For more Open Access Journals in Juniper Publishers please click on: https://juniperpublishers.com

For more articles in JOJ Ophthalmology please click on: https://juniperpublishers.com/jojo/index.php

For more Open Access Journals please click on: https://juniperpublishers.com

An Introduction to Astigmatism

Do you experience symptoms such as blurry or fluctuating vision, headaches and eye strain, which usually manifest after reading a book, staring at a computer screen or looking at far-off distances?1,2 It’s possible that you have astigmatism, a type of refractive error.

Don’t be frightened, however; astigmatism is fairly common and is not a dangerous disorder. But to truly understand why astigmatism occurs, you must first learn how the human eye works.

Here’s How Your Vision Works

When you look at a particular object, light rays from the object need to pass through the eyes so that it can reach the retina.

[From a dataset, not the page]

(* Let $\ell^1$ be the Banach space of complex sequences $a=(a(n))_{n\ge1}$ with $\|a\|=\sum_n|a(n)|<\infty$, equipped with the product $(a*b)(1)=a(1)b(1)$ and $(a*b)(n)=a(1)b(n)+b(1)a(n)+a(n)b(n)$ for $n>1$. Its character space is $\{\phi_1\}\cup\{\phi_1+\phi_n:n>1\}$ where $\phi_n(a)=a(n)$. Then $\ell^1$ is neither left $\phi_1$-amenable nor $\phi_1$-biflat, but $\ell^1$ is approximately left character biprojective.
   Context: For a Banach algebra $A$ and character $\phi$: $A$ is left $\phi$-amenable if there is a bounded net $(a_\alpha)$ in $A$ with $\|aa_\alpha-\phi(a)a_\alpha\|\to0$ for all $a$ and $\phi(a_\alpha)\to1$. $A\otimes_pA$ is the projective tensor product with $a\cdot(b\otimes c)=ab\otimes c$, $(b\otimes c)\cdot a=b\otimes ca$, $\pi_A(a\otimes b)=ab$; $\tilde\phi(F)=F(\phi)$ for $F\in A^{**}$. $A$ is $\phi$-biflat if there is a bounded $A$-bimodule morphism $\rho:A\to(A\otimes_pA)^{**}$ with $\tilde\phi(\pi_A^{**}(\rho(a)))=\phi(a)$ for all $a$. $A$ is approximately left $\phi$-biprojective if there is a net $(\rho_\alpha)$ of bounded linear maps $A\to A\otimes_pA$ such that for all $a,x\in A$: $\|a\cdot\rho_\alpha(x)-\rho_\alpha(ax)\|\to0$, $\|\rho_\alpha(xa)-\phi(a)\rho_\alpha(x)\|\to0$, $\phi(\pi_A(\rho_\alpha(x)))-\phi(x)\to0$; approximately left character biprojective means this holds for every character. *)

From Stdlib Require Import Reals ClassicalEpsilon.
Open Scope R_scope.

This then triggers nerve messages to be sent from the retina cells down to the optic nerve and then to the brain’s vision centers. The information received is then processed by the brain, which then allows us to see.

Light rays can reflect from an object in all directions. This is because they come from many light sources around us, such as sunlight, moonlight and artificial light (from light bulbs and lamps), which then bounce back from that specific object. However, the part of this bounced light that enters the eye from an object must be focused on a small part of the retina. If this fails to happen, then the object you’re staring at will be blurred.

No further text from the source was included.